Quarante-deux ans plus tard, ces Marocains n’ont toujours pas reçu d’indemnisation. « Il y a eu une très grande violence. On nous a renvoyés comme des chiens. Pourtant, nos grand-parents, nos parents, nous-mêmes, nous voulions faire notre vie en Algérie », se rappelle Mohammed Cherfaoui, qui vivait à Oran. Il est aujourd’hui installé en France.
« C’était d’autant plus violent qu’il n’y a pas de différence entre un Marocain et un Algérien. Surtout à Oran. Nous avions les mêmes fêtes, les mêmes habitudes. Rien ne nous séparait à part les papiers, qui ne se voyaient pas. Beaucoup d’Algériens ont découvert que certaines familles étaient marocaines au moment de la déportation ! », poursuit-il. Mohammed Cherfaoui assure qu’il n’existe, pourtant, aucun ressentiment contre les Algériens : « L’attachement des Marocains expulsés à l’Algérie est toujours aussi fort. En revanche, il existe une haine noire à l’encontre du pouvoir algérien ».

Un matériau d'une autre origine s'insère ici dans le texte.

Lemma mx2_inj (a b c d a' b' c' d' : C) :
  mx2 a b c d = mx2 a' b' c' d' -> [/\ a = a', b = b', c = c' & d = d'].
Proof.
move=> E; have E' i j : mx2 a b c d i j = mx2 a' b' c' d' i j by rewrite E.
by move: (E' i0 i0) (E' i0 i1) (E' i1 i0) (E' i1 i1); rewrite !mxE.
Qed.

Lemma mulmx2E (g h : M2) i j : (g *m h) i j = g i i0 * h i0 j + g i i1 * h i1 j.
Proof. by rewrite mxE sum_ord2. Qed.

Lemma mul_mx2 (a b c d a' b' c' d' : C) :
  mx2 a b c d *m mx2 a' b' c' d' =
  mx2 (a * a' + b * c') (a * b' + b * d') (c * a' + d * c') (c * b' + d * d').
Proof. by rewrite [LHS]mx2_eta; congr mx2; rewrite mulmx2E !mxE. Qed.

Lemma adjC_mx2 (a b c d : C) : adjC (mx2 a b c d) = mx2 a^*%C c^*%C b^*%C d^*%C.
Proof. by rewrite [LHS]mx2_eta /adjC !mxE. Qed.

Lemma det_mx2 (a b c d : C) : \det (mx2 a b c d) = a * d - b * c.
Proof.
rewrite (expand_det_row _ i0) sum_ord2 /cofactor !det_mx11 !mxE /=.
by rewrite expr0 expr1 !mul1r mulN1r mulrN.
Qed.

Lemma mx2_1 : (1%:M : M2) = mx2 1 0 0 1.
Proof. by rewrite [LHS]mx2_eta !mxE. Qed.

Lemma conjcN (x : C) : (- x)^*%C = - x^*%C.
Proof. by case: x. Qed.

Lemma conjcM (x y : C) : (x * y)^*%C = x^*%C * y^*%C.
Proof.
by case: x => ? ?; case: y => ? ?; apply/eqP; rewrite eq_complex /=; apply/andP; split; apply/eqP; ring.
Qed.

Definition sqnorm (z : C) : R := let: a +i* b := z in a ^+ 2 + b ^+ 2.

Lemma sqnorm_ge0 z : 0 <= sqnorm z.
Proof. by case: z => a b /=; nra. Qed.

Lemma sqnormM x y : sqnorm (x * y) = sqnorm x * sqnorm y.
Proof. by case: x => a b; case: y => c d /=; ring. Qed.

Lemma sqnormN x : sqnorm (- x) = sqnorm x.
Proof. by case: x => a b /=; ring. Qed.
Record homogeneous_type (X : Type) (rho : X -> X -> R) (A0 : R)
  (M : (X -> Prop) -> Prop) (mu : (X -> Prop) -> option R) (C : R) : Prop := {
  ht_qm : quasi_metric X rho A0;
  ht_sa : sigma_algebra X M;
  ht_measure : measure X M mu;
  ht_balls : forall x r, 0 < r -> M (ball rho x r);
  ht_C : 1 <= C;
  ht_doubling : forall x r, 0 < r -> exists m m2,
      mu (ball rho x r) = Some m /\ mu (ball rho x (2 * r)) = Some m2 /\
      0 < m2 /\ m2 <= C * m
}.

Definition finite_type (X : Type) : Prop := exists l : list X, forall x, List.In x l.

From Stdlib Require Import Reals Lra Lia List Classical FunctionalExtensionality PropExtensionality.
Open Scope R_scope.

(* If X = {x_1,...,x_n}, every point is isolated:
     for small radius the ball B(x,δ_x) is {x}, which is contained in every ball
     centred at x.  Hence every ball has measure between the positive number
     min_x μ(B(x,δ_x)) and the measure of one ball containing the whole space.
   - Infinite => unbounded ratios.  For every k one finds k centres that are
     pairwise 2·A0·r apart; the balls of radius r around them are pairwise
     disjoint and lie in one large ball B.  If μ(B) <= N μ(B_i) for all i, then
     countable additivity gives k μ(B)/N <= μ(B), impossible for k > N. *)

Lemma pred_ext {X : Type} (P Q : X -> Prop) : (forall x, P x <-> Q x) -> P = Q.
Proof.
  intros HPQ; apply functional_extensionality; intro x.
  apply propositional_extensionality; auto.
Qed.

Section MeasureFacts.
Variables (X : Type) (M : (X -> Prop) -> Prop) (mu : (X -> Prop) -> option R).
Hypothesis sa : sigma_algebra X M.
Hypothesis me : measure X M mu.

Lemma measurable_union2 A B : M A -> M B -> M (fun x => A x \/ B x).
Proof.
  intros HA HB.
  replace (fun x => A x \/ B x)
    with (fun x => exists n, (match n with 0%nat => A | _ => B end) x).
  - apply (sa_union X M sa). intros [|n]; auto.
  - apply pred_ext; intro x; split.
    + intros [[|n] Hx]; auto.
    + intros [Hx|Hx]; [exists 0%nat | exists 1%nat]; auto.
Qed.

Lemma measurable_diff A B : M A -> M B -> M (fun x => A x /\ ~ B x).
Proof.
  intros HA HB.
  replace (fun x => A x /\ ~ B x) with (fun x => ~ (~ A x \/ B x)).
  - apply (sa_compl X M sa), measurable_union2; auto.
    apply (sa_compl X M sa); auto.
  - apply pred_ext; intro x; split.
    + intros Hx; split; [apply NNPP|]; tauto.
    + tauto.
Qed.

(* The family is completed
   to a partition of B by B \ ∪_n A_n, and σ-additivity is applied. *)
Lemma disjoint_partial_sums_le (A : nat -> X -> Prop) B b :
  (forall n, M (A n)) ->
  (forall i j, i <> j -> forall x, A i x -> A j x -> False) ->
  (forall n x, A n x -> B x) -> M B -> mu B = Some b ->
  exists f, (forall n, mu (A n) = Some (f n)) /\ (forall n, 0 <= f n) /\
            forall n, sum_f_R0 f n <= b.
Proof.
  intros HM Hdisj Hsub HB Hb.
  pose (U := fun x => exists n, A n x).
  pose (P := fun n => match n with 0%nat => fun x => B x /\ ~ U x | S m => A m end).
  assert (HP : forall n, M (P n)).
  { intros [|n]; simpl; auto. apply measurable_diff; auto. apply (sa_union X M sa); auto. }
  assert (HPdisj : forall i j, i <> j -> forall x, P i x -> P j x -> False).
  { intros [|i] [|j] Hij x; simpl; intros Hi Hj.
    - lia.
    - apply (proj2 Hi); exists j; auto.
    - apply (proj2 Hj); exists i; auto.
    - apply (Hdisj i j) with x; auto. }
  assert (HPB : (fun x => exists n, P n x) = B).
  { apply pred_ext; intro x; split.
    - intros [[|n] Hn]; simpl in Hn; [tauto | eapply Hsub; eauto].
    - intros Hx. destruct (classic (U x)) as [[n Hn]|Hn].
      + exists (S n); auto.
      + exists 0%nat; simpl; auto. }
  assert (HPb : mu (fun x => exists n, P n x) = Some b) by (rewrite HPB; auto).
  apply (me_sigma_add X M mu me P HP HPdisj b) in HPb.
  destruct HPb as [g [Hg Hcv]].
  assert (Hgnn : forall n, 0 <= g n) by (intro n; apply (me_nonneg X M mu me (P n)); auto).
  assert (Hgrow : Un_growing (fun n => sum_f_R0 g n)).
  { intro n; simpl. specialize (Hgnn (S n)); lra. }
  exists (fun n => g (S n)). split; [|split].
  - intro n. apply (Hg (S n)).
  - intro n; apply Hgnn.
  - intro n. pose proof (growing_ineq _ _ Hgrow Hcv (S n)) as Hle.
    assert (Hshift : forall m, sum_f_R0 g (S m) = g 0%nat + sum_f_R0 (fun i => g (S i)) m).
    { induction m; simpl in *; lra. }
    rewrite Hshift in Hle. specialize (Hgnn 0%nat). lra.
Qed.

« Condamnés à s’entendre »
Abderrahmane Rachik se souvient de cette période : « Cet événement a laissé pas mal de traces. Malgré les bonnes relations de voisinage, quand l’État algérien a mobilisé ses médias, ses agents, les Algériens ont dénoncé les Marocains. Côté marocain, les médias s’en sont mêlés et ont galvanisé l’opinion publique. Il suffit d’un rien pour que les relations se tendent... Puis la plupart des gens ont oublié, la mémoire est assez sélective. »
Une majorité des Marocains qui vivaient en Algérie étaient Rifains. À partir des années 1930, des dizaines de milliers d’entre eux ont fui la misère et se sont installés en Algérie. « Ils allaient travailler chez les Français. Ils étaient demandés car ils étaient de très bons agriculteurs », précise Mohamed Bouzia, qui a retrouvé certains d’entre eux pour son documentaire Anâaq.
Là-bas, les Rifains communiquaient en darija, le dialecte arabe, mais aussi en tamazight avec les Kabyles. Une grande partie d’entre eux seront victimes de la marche noire. « Ils sont nombreux à compter encore de la famille en Algérie. Ils rêvent que les deux pays soient, un jour, comme les pays européens, sans aucune frontière », rapporte Mohamed Bouzia.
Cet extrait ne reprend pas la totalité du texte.